I prefer to add a second answer since the approach is quite different.

Let $x=\frac{y}{y-1}$ and consider that we look for the zero of function $$f(y)=y^r+(y-1)^r-2$$ which is more pleasant since $f(1)=-1$ and $f(2)=2^r-1$ which show that the solution is close to $1^+$.
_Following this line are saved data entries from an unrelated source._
Lemma split_last_dsimp_rcons2 x :
  split_last (dsimp G) s x
  = Mmor M f1 (split_last G (str_rcons t g) x)
    + \sum_(j < n) (-1) ^+ j.+1 *: split_last G (str_inner j s) x
    + (-1) ^+ n.+1 *: W x
    + (-1) ^+ n.+2 *: (G s x - G (str_rcons (str_rcons tau f) (idm b1)) (tpull g x)).
Proof.
have expand y z (u : Hom b1 y) (h : Hom y z) w :
  dsimp G (str_rcons (str_rcons (str_rcons tau f) u) h) w
  = Mmor M f1 (G (str_rcons (str_rcons t u) h) w)
    + \sum_(j < n) (-1) ^+ j.+1 *:
        G (str_inner j (str_rcons (str_rcons (str_rcons tau f) u) h)) w
    + (-1) ^+ n.+1 *: G (str_rcons (str_rcons tau (comp f u)) h) w
    + (-1) ^+ n.+2 *: (G (str_rcons (str_rcons tau f) (comp u h)) w
                       - G (str_rcons (str_rcons tau f) u) (tpull h w)).
  rewrite /dsimp !str_uncons_rcons uncons_tau_f str_unsnoc_rcons /= !big_ord_recr /=.
  rewrite str_inner_last str_inner_rcons // str_inner_last fold_tpull.
  by rewrite scalerBr (exprS _ n.+2) mulN1r scaleNr !addrA.
rewrite /s split_last_rcons; under eq_word_sum do rewrite expand.
rewrite !word_sumD word_sum_linear word_sum_sum !word_sumZ -split_last_rcons.
rewrite (word_sum_telescope (fun z v => G (str_rcons (str_rcons tau f) v))).
rewrite str_comp_gword comp_id_l.
congr (_ + _ + _ + _); apply: eq_bigr => j _; rewrite word_sumZ; congr (_ *: _).
have [s' inner_s'] := str_inner_rcons_ex j (str_rcons tau f).
rewrite inner_s' split_last_rcons; apply: eq_word_sum => y z u h w.
by rewrite str_inner_rcons ?inner_s' // ltnW.
Qed.

End LastTwoArrows.

Lemma dsimp_split_last q n (G : cochain M n.+2 q) a b0 b1 c (tau : str C n a b0)
    (f : Hom b0 b1) (g : Hom b1 c) x :
  dsimp (split_last G) (str_rcons (str_rcons tau f) g) x
  - split_last (dsimp G) (str_rcons (str_rcons tau f) g) x
  = (-1) ^+ n.+1 *: (G a c (str_rcons (str_rcons tau f) g) x
                     - G a b1 (str_rcons (str_rcons tau f) (idm b1)) (tpull g x)).
Proof.
case E: (str_uncons (str_rcons tau f)) => [a1 [f1 t]].
rewrite (dsimp_split_last_rcons2 G g E) (split_last_dsimp_rcons2 G g E).
by rewrite (exprS _ n.+1) mulN1r scaleNr opprD addrA subrr add0r opprK.
Qed.

Lemma dsimp_htpy q n (G : cochain M n.+2 q) : ceq (csub G (dsimp (htpy G))) (htpy (dsimp G)).
Proof.
move=> a c s x; have [b1 [s' [g ->]]] := str_rconsP s; have [b0 [tau [f ->]]] := str_rconsP s'.
set S := str_rcons (str_rcons tau f) g.
pose e : k := (-1) ^+ n.+1.
have e2 : e * e = 1 by rewrite -expr2 sqrr_sign.
have contract : dsimp (split_last G) S x - dsimp (degen_last G) S x
    = e *: G a c S x + (split_last (dsimp G) S x - degen_last (dsimp G) S x).
  apply/eqP; rewrite -subr_eq subrACA dsimp_split_last dsimp_degen_last subKr.
  by rewrite (exprS _ n.+1) mulN1r scaleNr opprK -/e scalerBr subrK.
rewrite /csub /htpy dsimpZB contract (exprS _ n.+1) mulN1r -/e scalerDr scalerA e2 scale1r.
by rewrite opprD addrA subrr add0r scaleNr.
Qed.

End Contraction.

End Cochains.

Theorem corollary3p14 (k : fieldType) (C : fincat) (HC : free_cat C)
  (A : psh_alg k C) (M : psh_bimod A) (p q : nat) :
  (2 <= p)%N -> E2_zero M p q.
Proof.
case: p => [|[|n]] // _ G G_lin G_closed dG_exact.
have [gword [gword_comp str_comp_gword]] := free_cat_gword HC.
have htpy_G := dsimp_htpy gword_comp str_comp_gword G.
exists (htpy gword G); split.
- exact: htpy_multilin.
- by move=> a c s x; rewrite (dHH_htpy str_comp_gword) (eq_htpy _ G_closed) htpy_czero.
case: q G G_lin G_closed dG_exact htpy_G => [|q] G _ _ dG_exact htpy_G /=.
  by move=> a c s x; rewrite htpy_G (eq_htpy _ dG_exact) htpy_czero.
have [H [H_lin dH_eq]] := dG_exact.
exists (htpy gword H); split; first exact: htpy_multilin.
by move=> a c s x; rewrite htpy_G (dHH_htpy str_comp_gword) (eq_htpy _ dH_eq).
Qed.
Lemma star_max_suffix_uniq t u t' u' : u ++ t = u' ++ t' -> star t -> star t' ->
  ~~ has_suffix_in X u -> ~~ has_suffix_in X u' -> t = t'.
Proof.
wlog le_tt' : t u t' u' / size t <= size t' => [hwlog|].
  move=> eq_ut star_t star_t' no_u no_u'; have [le|/ltnW le] := leqP (size t) (size t').
    exact: (hwlog t u t' u').
  exact/esym/(hwlog t' u' t u).
move=> eq_ut star_t star_t' no_u _.
have [m eq_t'] : exists m, t' = m ++ t.
  case: (cat_suffix_total eq_ut) => /suffixP [m eq_m]; first by exists m.
  have : size m + size t' <= 0 + size t' by rewrite add0n -size_cat -eq_m.
  by rewrite leq_add2r leqn0 size_eq0 => /eqP m0; exists [::]; rewrite eq_m m0.
have star_m : star m by apply: star_left_unitary star_t _; rewrite -eq_t'.
have [m0|/eqP m_neq0] := eqVneq m [::]; first by rewrite eq_t' m0.
have [w [x [eq_m Xx _]]] := star_last star_m m_neq0.
move: eq_ut; rewrite eq_t' catA => /catsI eq_u; case/negP: no_u; apply/has_suffix_inP.
by exists (u' ++ w), x; rewrite eq_u eq_m catA.
Qed.

(** * Parses *)

(* [start_pos W i] ([end_pos W j]) holds iff [i] ([j]) is the length of [v] ([v x]) in
   some parse [(v, x, u)] of [W]; either one determines the parse. *)
Definition start_pos W i := ~~ has_suffix_in X (take i W).
Definition end_pos W j := ~~ has_prefix_in X (drop j W).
The initial guess, taken from the first answer, is $$y_0=\frac{2 r+\log (2)}{2 r-\log (2)}$$ Trying to improve as before $$y_1=\frac{2 r+\log (2)}{2 r-\log (2)}-\frac 1r\, \frac{\left(\frac{2\log (2)}{2 r-\log (2)}\right)^r+\left(\frac{2 r+\log (2)}{2 r-\log (2)}\right)^r-2}{\left(\frac{2 \log (2)}{2 r-\log (2)}\right)^{r-1}+\left(\frac{2 r+\log (2)}{2 r-\log (2)}\right)^{r-1}}$$

$$\left( \begin{array}{ccc} r & y_0 & y_1 &\text{solution} \\ 10 & 1.07180322831922 & \color{red}{1.07177346}625573 & 1.07177346253610 \\ 20 & 1.03526851583585 & \color{red}{1.035264923}95977 & 1.03526492384138 \\ 30 & 1.02337494396036 & \color{red}{1.02337389}201245 & 1.02337389199677 \\ 40 & 1.01748013332815 & \color{red}{1.01747969210}642 & 1.01747969210269 \\ 50 & 1.01395970491221 & \color{red}{1.01395947979}125 & 1.01395947979003 \\ 60 & 1.01161957027915 & \color{red}{1.01161944030}242 & 1.01161944030192 \\ 70 & 1.00995137233426 & \color{red}{1.009951290618}34 & 1.00995129061812 \\ 80 & 1.00870203846592 & \color{red}{1.00870198379052} & 1.00870198379052 \\ 90 & 1.00773140758048 & \color{red}{1.00773136921722} & 1.00773136921722 \\ 100 & 1.00695557800201 & \color{red}{1.00695555005676} & 1.00695555005676 \end{array} \right)$$ and, if required, better could be still done. For example, adding a second term is the expansion, for $r=10$, we have $y=\color{red}{1.071773462536}75$ to be compared to the exact solution $y=\color{red}{1.07177346253610}$.